We're back home in the Midwestern humidity.
We rolled out of Alma, Colo. at 4:19 a.m. Tuesday and thrashed our way across Kansas and Missouri before bagging it at midnight at a Motel 6 in Springfield, Ill. The motel began life under another banner, since it was a cut above the standard cheesy Motel 6 layout. It didn't matter much because we immediately fell into bed and my next conscious experience was of Maria rousting me out of bed at 6 a.m. to get back on the road.
Consequently, we arrived home at 9:15 a.m. to find - wonder of wonders - a tree service crew whacking to pieces the first of the three maple trees that have menaced our house for longer than we've lived here.
If you've been following this tedious saga, you know these three trees belong to the town because they stand in the right-of-way of a dedicated alley that also serves as our driveway. It took us four appearances before the town council over a 12-month period to persuade them that the big maple trees are a threat to our home and a liability to the town.
This afternoon, with only the three trunks standing some 15-20 feet high, it is obvious that our fears were justified. All three had branches that were hollow and rotten and ready to snap if subjected to enough wind.
The south side of our house is getting more sunshine than it's seen since the 1940s, but the threat of tree limbs smashing our house, our cars, our motorcycles or ourselves is gone. Likewise, the roosting place for hundreds of birds that showered birdshit on our cars and our neighbors' cars is gone. They will not be missed.

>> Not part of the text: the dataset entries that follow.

Lemma Cn_comp k O O' f g : open O -> Cinf O' f -> (forall x, O x -> O' (g x)) ->
  Cn k O g -> Cn k O (fun x => f (g x)).
Proof.
  intros HO. revert f; induction k as [|k IH]; intros f Hf HOg Hg.
  - rewrite Cn_0 in *. intros. apply ex_derive_comp; auto. apply (Hf 0%nat); auto.
  - pose proof (Cn_S_Cn _ _ _ Hg) as Hg'.
    apply Cn_S. apply Cn_S in Hg as [Hg1 Hg2]. split.
    + intros. apply ex_derive_comp; auto. apply (Hf 0%nat); auto.
    + apply Cn_ext with (fun x => Derive g x * Derive f (g x)); auto.
      * intros. rewrite (Derive_comp f g); auto. apply (Hf 0%nat); auto.
      * apply Cn_mult; auto. apply IH; auto. apply Cinf_Derive; auto.
Qed.

Lemma Cinf_comp O O' f g : open O -> Cinf O' f -> (forall x, O x -> O' (g x)) ->
  Cinf O g -> Cinf O (fun x => f (g x)).
Proof.
  intros. apply Cinf_Cn. intro k. apply Cn_comp with O'; auto. apply Cinf_Cn; auto.
Qed.

Lemma Cinf_plus O f g : open O -> Cinf O f -> Cinf O g -> Cinf O (fun x => f x + g x).
Proof. intros. apply Cinf_Cn. intro k. apply Cn_plus; auto; apply Cinf_Cn; auto. Qed.

Lemma Cinf_const O c : open O -> Cinf O (fun _ => c).
Proof. intros. apply Cinf_Cn. intro k. apply Cn_const; auto. Qed.

Lemma Cinf_inv O f : open O -> Cinf O f -> (forall x, O x -> f x <> 0) ->
  Cinf O (fun x => / f x).
Proof. intros. apply Cinf_Cn. intro k. apply Cn_inv; auto; apply Cinf_Cn; auto. Qed.

Lemma Cinf_opp O f : open O -> Cinf O f -> Cinf O (fun x => - f x).
Proof.
  intros HO Hf. apply Cinf_Cn. intro k.
  apply Cn_ext with (fun x => -1 * f x); [auto | intros; ring |].
  apply Cn_mult; auto; [apply Cn_const | apply Cinf_Cn]; auto.
Qed.

Lemma Cinf_of_is_derive O G h : open O ->
  (forall x, O x -> is_derive G x (h x)) -> Cinf O h -> Cinf O G.
Proof.
  intros HO Hd Hh. apply Cinf_Cn. intros [|k].
  - apply Cn_0. intros. eexists; apply Hd; auto.
  - apply Cn_S. split; [intros; eexists; apply Hd; auto|].
    apply Cn_ext with h; auto.
    + intros. symmetry. apply is_derive_unique. apply Hd; auto.
    + apply Cinf_Cn; auto.
Qed.

Lemma Cinf_shift O c : open O -> Cinf O (fun t => t - c).
Proof.
  intros HO. apply Cinf_of_is_derive with (fun _ => 1); auto; [|apply Cinf_const; auto].
  intros x _. auto_derive; auto.
Qed.

Lemma Cinf_smooth_on (O I : R -> Prop) f :
  Cinf O f -> (forall t, I t -> O t) -> smooth_on I f.
Proof.
  intros H HI. exists (Derive_n f). split; [reflexivity|].
  intros k t It. apply is_derive_has_deriv_within, Derive_correct, H; auto.
Qed.

Lemma smooth_on_Derive_n (O : R -> Prop) f (D : nat -> R -> R) : open O ->
  (forall t, O t -> D 0%nat t = f t) ->
  (forall k t, O t -> is_derive (D k) t (D (S k) t)) ->
  forall k t, O t -> Derive_n f k t = D k t.
Proof.
  intros HO H0 HD. induction k as [|k IH]; intros x Hx; [symmetry; auto|].
  simpl. rewrite (Derive_ext_loc _ (D k)); [apply is_derive_unique; auto|].
  apply locally_open with O; auto.
Qed.

Lemma smooth_on_Cinf (O : R -> Prop) f : open O -> smooth_on O f -> Cinf O f.
Proof.
  intros HO [D [H0 HD]].
  assert (HD' : forall k t, O t -> is_derive (D k) t (D (S k) t)).
  { intros k t Ht. apply has_deriv_within_is_derive with O; auto. }
  intros k x Hx. apply ex_derive_ext_loc with (D k).
  - apply locally_open with O; auto. intros. symmetry.
    apply smooth_on_Derive_n with O; auto.
  - eexists. apply HD'. auto.
Qed.

Lemma smooth_bounded_Derive_lipschitz (W : R -> R) : smooth W ->
  (forall k, (1 <= k)%nat -> exists C, forall x, Rabs (Derive_n W k x) <= C) ->
  exists C1 C2, 0 <= C1 /\ 0 <= C2 /\ (forall x, Rabs (Derive W x) <= C1) /\
    forall x y, Rabs (Derive W x - Derive W y) <= C2 * Rabs (x - y).
Proof.
  intros HW HWb.
  destruct (HWb 1%nat) as [C1 HC1]; [lia|]. destruct (HWb 2%nat) as [C2 HC2]; [lia|].
  exists C1, C2. split; [eapply Rle_trans; [apply Rabs_pos | apply (HC1 0)]|].
  split; [eapply Rle_trans; [apply Rabs_pos | apply (HC2 0)]|]. split; [exact HC1|].
  apply lipschitz_of_Derive_bound_R. intros x. split; [apply (HW 2%nat) | apply HC2].
Qed.

Lemma Cinf_Derive_lipschitz_near (O : R -> Prop) e x0 : open O -> Cinf O e -> O x0 ->
  exists r Lam, 0 < r /\ 0 <= Lam /\ (forall x, Rabs (x - x0) < r -> O x) /\
    forall x y, Rabs (x - x0) < r -> Rabs (y - x0) < r ->
      Rabs (Derive e x - Derive e y) <= Lam * Rabs (x - y).
Proof.
  intros HO He Hx0. destruct (HO x0 Hx0) as [r0 Hr0].
  destruct (ex_derive_continuous_eps (Derive (Derive e)) x0 (He 2%nat x0 Hx0) 1 Rlt_0_1)
    as [r2 [Hr2 He2]].
  pose proof (cond_pos r0). pose proof (Rmin_l r0 r2). pose proof (Rmin_r r0 r2).
  set (r := Rmin r0 r2) in *.
  assert (HrO : forall x, Rabs (x - x0) < r -> O x).
  { intros x Hx. apply Hr0. apply (Rlt_le_trans _ r); auto. }
  exists r, (Rabs (Derive (Derive e) x0) + 1).
  split; [apply Rmin_glb_lt; auto|]. split; [pose proof (Rabs_pos (Derive (Derive e) x0)); lra|].
  split; auto. intros x y Hx Hy. apply Rabs_def2 in Hx. apply Rabs_def2 in Hy.
  apply (lipschitz_of_Derive_bound (Derive e) (x0 - r) (x0 + r)); try lra.
  intros z Hz. assert (Hzr : Rabs (z - x0) < r) by (apply Rabs_def1; lra).
  split; [apply (He 1%nat), HrO, Hzr|].
  specialize (He2 z ltac:(lra)).
  pose proof (Rabs_triang_inv (Derive (Derive e) z) (Derive (Derive e) x0)). lra.
Qed.

Lemma glue_smooth (x xh : R -> R) tstar delta T h :
  0 < delta < tstar -> tstar + delta <= T -> delta < h -> T < tstar + h ->
  Cinf (fun t => tstar - h < t < tstar + h) xh -> smooth_on (fun t => 0 <= t < tstar) x ->
  (forall t, tstar - delta <= t < tstar -> x t = xh t) ->
  smooth_on (fun t => 0 <= t <= T) (glue tstar delta x xh xh).
Proof.
  intros Hd HT Hh1 Hh2 Sxh [Dx [Hx0 HDx]] Hxeq.
  assert (HDxh : forall k t, tstar - delta < t < tstar -> Dx k t = Derive_n xh k t).
  { intros k t Ht. rewrite <- (smooth_on_Derive_n (fun t => 0 < t < tstar) x Dx);
      [| apply open_oo | intros; apply Hx0; lra | | lra].
    - apply Derive_n_ext_loc. apply locally_open with (fun t => tstar - delta < t < tstar);
        [apply open_oo | | auto]. intros; apply Hxeq; lra.
    - intros k' t' Ht'. apply has_deriv_within_is_derive with (fun t => 0 <= t < tstar);
        [|apply HDx; lra].
      apply locally_open with (fun t => 0 < t < tstar); [apply open_oo | intros; lra | auto]. }
  exists (fun k t => if Rlt_dec t tstar then Dx k t else Derive_n xh k t). split.
  - intros t Ht. unfold glue. destruct (Rlt_dec t tstar).
    + rewrite Hx0 by lra. destruct Rle_dec; auto. destruct Rle_dec; [|lra]. apply Hxeq. lra.
    + destruct Rle_dec; [lra|]. destruct Rle_dec; reflexivity.
  - intros k t Ht. destruct (Rlt_dec t tstar) as [Hlt|Hge].
    + apply has_deriv_within_ext_loc with (fun t => 0 <= t < tstar) (Dx k) (tstar - t); [lra| | |].
      * intros s Hs Hs'. apply Rabs_def2 in Hs. split; [lra|]. destruct Rlt_dec; [reflexivity|lra].
      * destruct Rlt_dec; [reflexivity|lra].
      * apply HDx. lra.
    + apply has_deriv_within_ext_loc with (fun t => 0 <= t <= T) (Derive_n xh k) delta; [lra| | |].
      * intros s Hs Hs'. apply Rabs_def2 in Hs. split; auto.
        destruct Rlt_dec; [symmetry; apply HDxh; lra | reflexivity].
      * destruct Rlt_dec; [lra|reflexivity].
      * apply is_derive_has_deriv_within, Derive_correct, Sxh. lra.
Qed.

(** * Smooth local inverses *)

Lemma is_derive_local_inverse (f : R -> R) a0 a b b0 : a0 < a -> a < b -> b < b0 ->
  (forall x, a0 < x < b0 -> ex_derive f x /\ 0 < Derive f x) ->
  exists g, (forall x, a <= x <= b -> g (f x) = x) /\
    forall y, f a < y < f b -> a < g y < b /\ is_derive g y (/ Derive f (g y)).
Proof.
  intros Ha Hab Hb Hf.
  assert (Hinc : forall x y, a0 < x -> x < y -> y < b0 -> f x < f y).
  { apply strict_incr_open with (Derive f). intros x Hx.
    split; [apply Derive_correct|]; apply Hf; auto. }
  assert (Hcont : forall x, a <= x <= b -> continuity_pt f x).
  { intros x Hx. apply continuity_pt_filterlim, (ex_derive_continuous f x), Hf. lra. }
  set (g := fun y => epsilon (inhabits 0) (fun x => a <= x <= b /\ f x = y)).
  assert (Hg : forall y, f a <= y <= f b -> a <= g y <= b /\ f (g y) = y).
  { intros y Hy. unfold g. apply epsilon_spec.
    destruct (f_interv_is_interv f a b y) as [x Hx]; auto. exists x; auto. }
  assert (Hgf : forall x, a <= x <= b -> g (f x) = x).
  { intros x Hx. destruct (Hg (f x)) as [H1 H2].
    - split; destruct (Req_dec a x), (Req_dec x b); subst; try lra;
        left; apply Hinc; lra.
    - destruct (Rtotal_order (g (f x)) x) as [H|[H|H]]; auto;
        apply Hinc in H; lra. }
  exists g. split; auto. intros y Hy.
  destruct (Hg y ltac:(lra)) as [H1 H2].
  assert (Hgi : a < g y < b).
  { split; [destruct H1 as [[H1|H1] _] | destruct H1 as [_ [H1|H1]]]; auto;
      [rewrite <- H1 in H2 | rewrite H1 in H2]; lra. }
  split; auto.
  assert (Prf : forall z, g (f a) <= z <= g (f b) -> derivable_pt f z).
  { intros z Hz. rewrite !Hgf in Hz by lra.
    exists (Derive f z). apply is_derive_Reals, Derive_correct, Hf. lra. }
  assert (Prg : continuity_pt g y).
  { apply continuity_pt_recip_interv with f a b; auto.
    - intros. apply Hinc; lra.
    - intros. unfold comp, id. apply Hg. lra.
    - intros. apply Hg. lra. }
  assert (Hincr : g (f a) <= g y <= g (f b)) by (rewrite !Hgf; lra).
  assert (Hfab : f a < f b) by lra.
  pose proof (derivable_pt_lim_recip_interv f g (f a) (f b) y Prf Prg Hfab Hy Hincr) as HH.
  apply is_derive_Reals.
  replace (/ Derive f (g y)) with (1 / derive_pt f (g y) (Prf (g y) Hincr)).
  - apply HH; [intros; unfold comp, id; apply Hg; lra|].
    rewrite (derive_pt_eq_0 _ _ (Derive f (g y))).
    + assert (0 < Derive f (g y)) by (apply Hf; lra). lra.
    + apply is_derive_Reals, Derive_correct, Hf. lra.
  - rewrite (derive_pt_eq_0 _ _ (Derive f (g y))); [unfold Rdiv; ring|].
    apply is_derive_Reals, Derive_correct, Hf. lra.
Qed.

Lemma Cinf_local_inverse f x0 d : 0 < d ->
  Cinf (fun x => x0 - d < x < x0 + d) f ->
  (forall x, x0 - d < x < x0 + d -> 0 < Derive f x) ->
  exists A B g, A < f x0 < B /\ g (f x0) = x0 /\ Cinf (fun y => A < y < B) g /\
    forall y, A < y < B -> x0 - d < g y < x0 + d /\ is_derive g y (/ Derive f (g y)).
Proof.
  intros Hd Sf Hpos.
  assert (Hf : forall x, x0 - d < x < x0 + d -> ex_derive f x /\ 0 < Derive f x).
  { intros x Hx. split; [apply (Sf 0%nat)|apply Hpos]; auto. }
  destruct (is_derive_local_inverse f (x0 - d) (x0 - d / 2) (x0 + d / 2) (x0 + d))
    as [g [Hgf Hg]]; try lra; auto.
  assert (Hinc : forall x y, x0 - d < x -> x < y -> y < x0 + d -> f x < f y).
  { apply strict_incr_open with (Derive f). intros x Hx.
    split; [apply Derive_correct|]; apply Hf; auto. }
  set (O := fun y => f (x0 - d / 2) < y < f (x0 + d / 2)).
  assert (HO : open O) by apply open_oo.
  assert (Hrange : forall y, O y -> x0 - d < g y < x0 + d).
  { intros y Hy. destruct (Hg y Hy) as [H _]. lra. }
  exists (f (x0 - d / 2)), (f (x0 + d / 2)), g.
  split; [split; apply Hinc; lra|]. split; [apply Hgf; lra|].
  split; [|intros y Hy; split; [apply Hrange | apply Hg]; auto].
  (* g' = 1 / (f' o g): each derivative of g is a smooth expression in lower ones. *)
  apply Cinf_Cn. intro k. induction k as [|k IH].
  - apply Cn_0. intros y Hy. eexists. apply Hg. auto.
  - apply Cn_S. split; [intros y Hy; eexists; apply Hg; auto|].
    apply Cn_ext with (fun y => / Derive f (g y)); auto.
    + intros y Hy. symmetry. apply is_derive_unique, Hg. auto.
    + apply Cn_inv; auto.
      * apply Cn_comp with (O' := fun x => x0 - d < x < x0 + d); auto.
        apply Cinf_Derive; auto.
      * intros y Hy. apply Rgt_not_eq, Hpos, Hrange. auto.
Qed.

(** * The Hamiltonian flow through the crossing point *)

(* On the energy level e(p) + W(q) = e(pstar) + W(qstar), solved for q near qstar. *)
Lemma energy_level_curve (e W : R -> R) pstar qstar rho : 0 < rho ->
  Cinf (fun p => pstar - rho < p < pstar + rho) e -> Cinf (fun _ => True) W ->
  Derive W qstar < 0 ->
  exists rho1 Q, 0 < rho1 <= rho /\ Q pstar = qstar /\
    Cinf (fun p => pstar - rho1 < p < pstar + rho1) Q /\
    forall p, pstar - rho1 < p < pstar + rho1 ->
      0 < - Derive W (Q p) /\ is_derive Q p (Derive e p / - Derive W (Q p)).
Proof.
  intros Hrho He HW HWs.
  destruct (ex_derive_continuous_eps (Derive W) qstar (HW 1%nat qstar I) (- Derive W qstar))
    as [d1 [Hd1 HW1]]; [lra|].
  assert (HWneg : forall x, qstar - d1 < x < qstar + d1 -> Derive W x < 0).
  { intros x Hx. specialize (HW1 x ltac:(apply Rabs_def1; lra)).
    apply Rabs_def2 in HW1. lra. }
  set (f1 := fun x => - W x).
  assert (Hf1 : forall x, Derive f1 x = - Derive W x) by (intros; apply Derive_opp).
  destruct (Cinf_local_inverse f1 qstar d1) as [A1 [B1 [g1 [HA1B1 [Hg1q [Sg1 Hg1]]]]]]; auto.
  { apply Cinf_subset with (fun _ => True); auto.
    apply Cinf_opp; [apply open_true | exact HW]. }
  { intros x Hx. rewrite Hf1. specialize (HWneg x Hx). lra. }
  set (c := e pstar + W qstar).
  assert (Hc : e pstar - c = f1 qstar) by (unfold c, f1; ring).
  set (eps2 := Rmin (f1 qstar - A1) (B1 - f1 qstar)).
  assert (Heps2 : 0 < eps2) by (apply Rmin_glb_lt; lra).
  destruct (ex_derive_continuous_eps e pstar (He 0%nat pstar ltac:(lra)) eps2 Heps2)
    as [d2 [Hd2 He2]].
  pose proof (Rmin_l rho d2) as Hrho1a. pose proof (Rmin_r rho d2) as Hrho1b.
  set (rho1 := Rmin rho d2) in *.
  set (P1 := fun p => pstar - rho1 < p < pstar + rho1).
  assert (HP1 : open P1) by apply open_oo.
  assert (HeP1 : forall p, P1 p -> A1 < e p - c < B1).
  { intros p Hp. specialize (He2 p ltac:(apply Rabs_def1; unfold P1 in Hp; lra)).
    apply Rabs_def2 in He2.
    assert (eps2 <= f1 qstar - A1 /\ eps2 <= B1 - f1 qstar) by (split; [apply Rmin_l | apply Rmin_r]).
    lra. }
  exists rho1, (fun p => g1 (e p - c)).
  split; [split; [apply Rmin_glb_lt|]; lra|].
  split; [rewrite Hc; exact Hg1q|].
  split.
  { apply (Cinf_comp P1 (fun y => A1 < y < B1) g1 (fun p => e p - c)); auto.
    apply Cinf_plus; auto; [|apply Cinf_const; auto].
    apply Cinf_subset with (fun p => pstar - rho < p < pstar + rho); auto.
    unfold P1. intros; lra. }
  intros p Hp. destruct (Hg1 (e p - c) (HeP1 p Hp)) as [Hg1r Hg1d]. split.
  - specialize (HWneg _ Hg1r). lra.
  - replace (Derive e p / - Derive W (g1 (e p - c)))
      with (Derive e p * / Derive f1 (g1 (e p - c))) by (rewrite Hf1; reflexivity).
    apply (is_derive_comp g1 (fun p => e p - c)); auto.
    auto_derive; [apply (He 0%nat); unfold P1 in Hp; lra | apply Rmult_1_l].
Qed.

The guy wielding the chainsaw from the bucket truck told us our roof is missing a lot of shingles and is down to the tarpaper around the chimney, so I need to start calling roofers before that problem gets any worse.
Tim and Linda showed us a splendid time during our sojourn in the Colorado high country. We roamed all over Park County, surmounted Weston Pass, dined on filet mignon at Buena Vista, photographed buffalo and fishermen on Tarryall Road and spent the Fourth of July at the Guffey Chicken Fly.
This was the 19th year for this whimsical event in which participants pay $5 each use a bathroom plunger to launch a chicken from a rural mailbox mounted some 12 feet above the ground. The object of the game is to see whose chicken travels the farthest before landing. I think the best distance of the day was something like 42 feet. While chickens don't soar, they can avoid dropping like a pumpkin by flapping their wings to slow their descent.
The animal rights types are presumably appeased by the fact that the rural mailbox is lined with red velvet.
One of the officials wore a PETA t-shirt, but rather than People for the Ethical Treatment of Animals, it bore the words, "People intersted in Eating Tasty Animals."
Nevertheless, I saw no serious mistreatment of the chickens. The all seemed none the worse for their startling ejection from the mailbox into empty space. I wouldn't try this with penguins, but chickens seem to handle it just fine.
While we were in Colorado, I spent about 12 hours editing photos from the wedding we shot a week earlier and finally got them posted to our website. Even though I color calibrated our Sony VAIO notebook computer's screen with a Spyder, I worried that the images might not be spot on. Now that I've had a chance to view them on my desktop computer's CRT, I can see some room for improvement in a few, but on balance they're fine.
Even so, I think it would be a mistake to try any serious Photoshop work on the VAIO. It's good for viewing and sorting pictures, but isn't as accurate as a CRT display.